Jardín Japonés

"I will be extremely pleased if our visit, even of a short duration, allows us to serve as a bridge [between Japan and Argentina] for a closer bond..."

(Akihito- May 15, 1967)


That was the expression and wish of the then heir prince to the Imperial Throne of Japan, Akihito, upon touching Argentine soil for the first time with his wife, Princess Consort Michiko.


Since 1989 Akihito has been the former Emperor of Japan, inaugurating the Heisei Era. More than half a century after these words were spoken, we can say that Akihito's wish was fulfilled, seeing today a Japanese garden in Buenos Aires that has endured over time, as a living and material expression of the friendship between Argentina and Japan.


For many, the Japanese Garden of the Autonomous City of Buenos Aires is a place of dreams, a magical place where peace and harmony abound, offering its visitors an experience to treasure in their hearts. Its tranquility and natural wealth contrasts with the accelerated pace of the city, making visitors forget about everyday life and stop to take an internal journey.


The Japanese Garden was inaugurated on May 17, 1967, designed and built by the Japanese community, and later donated through the Embassy of Japan, to the Municipality of Buenos Aires, in gratitude to the Argentine people for being the country that gave them opened his arms in times of immigration.


The idea arose with the purpose of creating a beautiful lasting meeting place between the Japanese community and the heir princes to the imperial throne, Michiko and Akihito, who would soon come to Argentina. That visit, scheduled for May 1967, was a unique event without precedent, since for the first time, a member of the imperial family visited the country.
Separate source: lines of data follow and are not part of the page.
(* Let $s\in\{0,1\}^n$, $p\in[0,1)$, and $x\in\{0,1\}^k$ with $k\ge2$. Then $$N_x=\frac{1}{(1-p)^k}\left(E_x-\sum_{i=k+1}^{n}\sum_{y\in Y_i(x)}(-1)^{|y|-|x|+1}E_y\binom{y}{x}'\left(\frac{p}{1-p}\right)^{i-k}\right).$$
   Context: Deletion channel: a trace $\tilde S$ of $s$ is obtained by deleting each bit of $s$ independently with probability $p$. For a binary string $y$, $N_y$ is the number of positions at which $y$ occurs as a (contiguous) substring of $s$, and $E_y$ is the expected number of positions at which $y$ occurs as a substring of $\tilde S$. For a string $z$, $z[2:-2]$ is $z$ with its first and last symbols removed; $\binom{y}{z}$ is the number of ways to delete $|y|-|z|$ symbols of $y$ to obtain $z$, and $\binom{y}{z}'=\binom{y[2:-2]}{z[2:-2]}$. $Y_i(x)$ is the set of binary strings of length $i$ that are supersequences of $x$ with the same first bit and same last bit as $x$. *)

From HB Require Import structures.
From mathcomp Require Import all_boot all_order all_algebra.
Set Implicit Arguments. Unset Strict Implicit. Unset Printing Implicit Defensive.
Import Order.TTheory GRing.Theory Num.Theory.
Local Open Scope ring_scope.
Lemma adjacentE H H' : adjacent H H' <->
  exists a b, [/\ unimodular a b, H = hex a b & H' = hex a (- b)].
Proof.
split.
  case=> [[a [b [/is_basisP ab ->]]] [[c [d [/is_basisP cd ->]]] [neq [s [m]]]]].
  case=> /eqP nms [/eqP nmNs [s_ab [_ [m_ab [_ [s_cd [_ [m_cd _]]]]]]]].
  have [sm e1] := hex_of_vertices ab s_ab m_ab nms nmNs.
  have [_ e2] := hex_of_vertices cd s_cd m_cd nms nmNs.
  case: e1 e2 => e1 [] e2; rewrite e1 e2 in neq *; try by [].
    by exists s, m.
  by exists s, (- m); rewrite opprK; split => //; apply: unimodularN.
case=> a [b [ab -> ->]].
have [nba nbNa] := unimodular_neq ab.
split; first by exists a, b; split => //; apply/is_basisP.
split; first by exists a, (- b); split => //; apply/is_basisP/unimodularN.
split.
  move=> e; have := mem_hexD a b; rewrite e -lincomb11 lincomb_oppr.
  by rewrite mem_hex_lincomb //; apply: unimodularN.
exists a, b; split; first exact/eqP.
by split; [exact/eqP | rewrite !mem_hexE ?coordE; lia].
Qed.

Lemma mem_hex_flipD a b : unimodular a b -> a + b \notin hex a (- b).
Proof.
move=> ab; rewrite -lincomb11 lincomb_oppr mem_hex_lincomb //.
exact: unimodularN.
Qed.

(** * The height of a hexagon *)

Definition qform (v : vec) : int := c0 v * c0 v + c0 v * c1 v + c1 v * c1 v.

Definition qpolar (u v : vec) : int :=
  2 * c0 u * c0 v + c0 u * c1 v + c1 u * c0 v + 2 * c1 u * c1 v.

Definition height (H : hexagon) : int := \sum_(v <- H) qform v.

Lemma qformN v : qform (- v) = qform v. Proof. by rewrite /qform !coordE; ring. Qed.

Lemma qformD u v : qform (u + v) = qform u + qform v + qpolar u v.
Proof. by rewrite /qform /qpolar !coordE; ring. Qed.

Lemma qformB u v : qform (u - v) = qform u + qform v - qpolar u v.
Proof. by rewrite /qform /qpolar !coordE; ring. Qed.

Lemma qform_ge0 v : 0 <= qform v. Proof. by rewrite /qform; nia. Qed.

Lemma height_ge0 H : 0 <= height H.
Proof. by apply: sumr_ge0 => v _; apply: qform_ge0. Qed.

Lemma qform_polar_cross u v :
  4 * (qform u * qform v) - qpolar u v ^+ 2 = 3 * cross u v ^+ 2.
Proof. by rewrite /qform /qpolar /cross; ring. Qed.

Lemma qpolar_lincomb a b p q : qpolar (lincomb a b p) (lincomb a b q) =
  p.1 * q.1 * (2 * qform a) + (p.1 * q.2 + p.2 * q.1) * qpolar a b +
  p.2 * q.2 * (2 * qform b).
Proof. by rewrite /qpolar /qform !coordE; ring. Qed.

Lemma unimodular_qform_polar a b : unimodular a b ->
  4 * (qform a * qform b) - qpolar a b ^+ 2 = 3.
Proof. by rewrite qform_polar_cross; case=> ->. Qed.

Lemma unimodular_qform_gt0 a b : unimodular a b -> 0 < qform a /\ 0 < qform b.
Proof.
move/unimodular_qform_polar; have := qform_ge0 a; have := qform_ge0 b.
by rewrite expr2; split; nia.
Qed.

Lemma unimodular_qpolar_neq0 a b : unimodular a b -> qpolar a b != 0.
Proof.
by move/unimodular_qform_polar; apply: contraPneq => ->; rewrite expr2; lia.
Qed.

Lemma uniq_hex_list a b : unimodular a b -> uniq (hex_list a b).
Proof.
by move=> ab; rewrite hex_list_lincomb map_inj_uniq //; apply: lincomb_inj.
Qed.

Lemma height_hex a b : unimodular a b ->
  height (hex a b) = 2 * (qform a + qform b + qform (a + b)).
Proof.
move=> ab; have perm_hex : perm_eq (hex a b) (hex_list a b).
  by apply: uniq_perm; [exact: fset_uniq | exact: uniq_hex_list | exact: mem_hex].
rewrite /height (perm_big _ perm_hex) /hex_list !big_cons big_nil /=.
by rewrite !qformN; ring.
Qed.

Lemma height_flip a b : unimodular a b ->
  height (hex a b) = height (hex a (- b)) + 4 * qpolar a b.
Proof.
move=> ab; rewrite height_hex // height_hex; last exact: unimodularN.
by rewrite qformD qformB qformN; ring.
Qed.

Lemma height_adjacent_neq H H' : adjacent H H' -> height H != height H'.
Proof.
case/adjacentE=> a [b [ab -> ->]]; rewrite (height_flip ab).
by have := unimodular_qpolar_neq0 ab; apply: contra => /eqP; lia.
Qed.

Lemma adjacent_lower H H' : adjacent H H' -> height H' < height H ->
  exists a b, [/\ unimodular a b, H = hex a b, H' = hex a (- b) & 0 < qpolar a b].
Proof.
case/adjacentE=> a [b [ab -> ->]]; rewrite (height_flip ab) => lt_flip.
by exists a, b; split => //; lia.
Qed.

(* Both lower neighbours arise from pairs of vertices with positive polar
   form; in the basis (a, b) of the first one, the only such pairs are
   +-(a, b) and +-(b, a), which flip to the same hexagon. *)
Lemma lower_neighbour_uniq H H1 H2 : adjacent H H1 -> adjacent H H2 ->
  height H1 < height H -> height H2 < height H -> H1 = H2.
Proof.
move=> adj1 adj2 lt1 lt2.
have [a [b [ab eH -> Bab]]] := adjacent_lower adj1 lt1.
have [c [d [cd eH' -> Bcd]]] := adjacent_lower adj2 lt2.
have c_ab : c \in hex a b by rewrite -eH eH' mem_hexl.
have d_ab : d \in hex a b by rewrite -eH eH' mem_hexr.
have cd_ab : c + d \in hex a b by rewrite -eH eH' mem_hexD.
have [Qa Qb] := unimodular_qform_gt0 ab.
case/hex_lincombP: c_ab cd_ab Bcd => p hp ->; case/hex_lincombP: d_ab => q hq ->.
rewrite lincombD mem_hex_lincomb // qpolar_lincomb lincombN !(lincomb_oppr a b).
case_mem6 hp; case_mem6 hq; rewrite /= => hpq Bpq.
all: try by [].
all: try by exfalso; lia.
all: by apply: hex_lincomb.
Qed.

Lemma reduced_form_disc3 (u v b : int) : 0 < u -> 0 < v -> 0 < b ->
  b < 2 * u -> b < 2 * v -> 4 * (u * v) - b ^+ 2 = 3 -> [/\ u = 1, v = 1 & b = 1].
Proof.
rewrite expr2 => u_gt0 v_gt0 b_gt0 bu bv disc.
have : b * b <= (2 * u - 1) * (2 * v - 1) by nia.
have [-> ->] : u = 1 /\ v = 1 by nia.
by split => //; nia.
Qed.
The Japanese community and their descendants embraced the news with pride and joy: "the princes will visit us." Thus, with effort and dedication they managed, in just 50 days, to raise enough funds to create this unique and unmatched beauty in the City of Buenos Aires.


The years passed and the garden grew in admiration and prestige, to the point of being considered a "little Japan in Argentina" and a "lung of harmony and tranquility in the middle of the big city", being one of the places most chosen by travelers from all over the world in search of Japanese culture and inner peace. Due to this, in 2004, the Ministry of Tourism of the City of Buenos Aires declared the Japanese Garden a "site of tourist interest" and, in 2008, the National Executive Branch declared it "an asset of historical and artistic interest of the nation".


The Japanese Garden can be considered a living museum, where the whims of nature mix with the hand of man, delighting us in every moment of the day as the light becomes lighter or dimmer. From delicate cherry blossoms in July, violet water lilies in summer, bright yellow leaves of the ginkgo biloba in autumn, to paths of gigantic azaleas in September, they make each season of the year possess its charm and show the passage of time, the passage, of life itself. Some can walk it for half an hour, others, however, can spend hours and hours contemplating and savoring that synthesis of nature, that microcosm of paradise. It will depend on each one, to experience the silence, to allow themselves to feel and breathe that pure air that the Japanese Garden of Buenos Aires gives us.


Since 1989, the Argentine Japanese Cultural Foundation, in agreement with the Government of Buenos Aires, has been in charge of the administration of the Japanese Garden and is in charge of increasing the activities of dissemination of Japanese Culture through Conventions that were held inside and outside the Garden. Country.


In 2004, the Garden was declared of Tourist Interest by the Undersecretariat of Tourism of the Autonomous City of Buenos Aires according to registration No. 742 SSTUR. Continuing with the Declarations in 2006.


By decree of the Presidency of the Nation N 652/2008, the Japanese Garden Cultural and Environmental Complex was declared “Asset of National Historical and Artistic Interest”. In November 2009, Law 3308 was passed by the Legislature of the Autonomous City of Buenos Aires. Then, the Agreement is signed for 20 (twenty) more years, on September 23, 2010 to continue with the administration and care of the Japanese Garden and the Dissemination of Japanese Culture.


The Garden is currently known worldwide as the largest Japanese Garden outside of Japan.


Walking surrounded by bonsais, azaleas, kokedamas, orchids and cement lanterns is an unforgettable pleasure. It also has a Chashitsu (tea house): a space built especially to carry out the traditional Japanese tea ceremony. Ornamented with traditional elements, whose interior was imported from Japan, some of its components date back more than a hundred years. Its exquisite interior is handcrafted. An art room and a restaurant complete the tour.


Taking the Zen Garden as a model, it was redesigned in 1977 under the direction of landscape engineer Yasuo Inomata. In the park there is also a building that houses a cultural center; a Japanese cuisine restaurant; a nursery where you can buy plants (bonsai) and food for the lake's fish; and a store with Japanese crafts.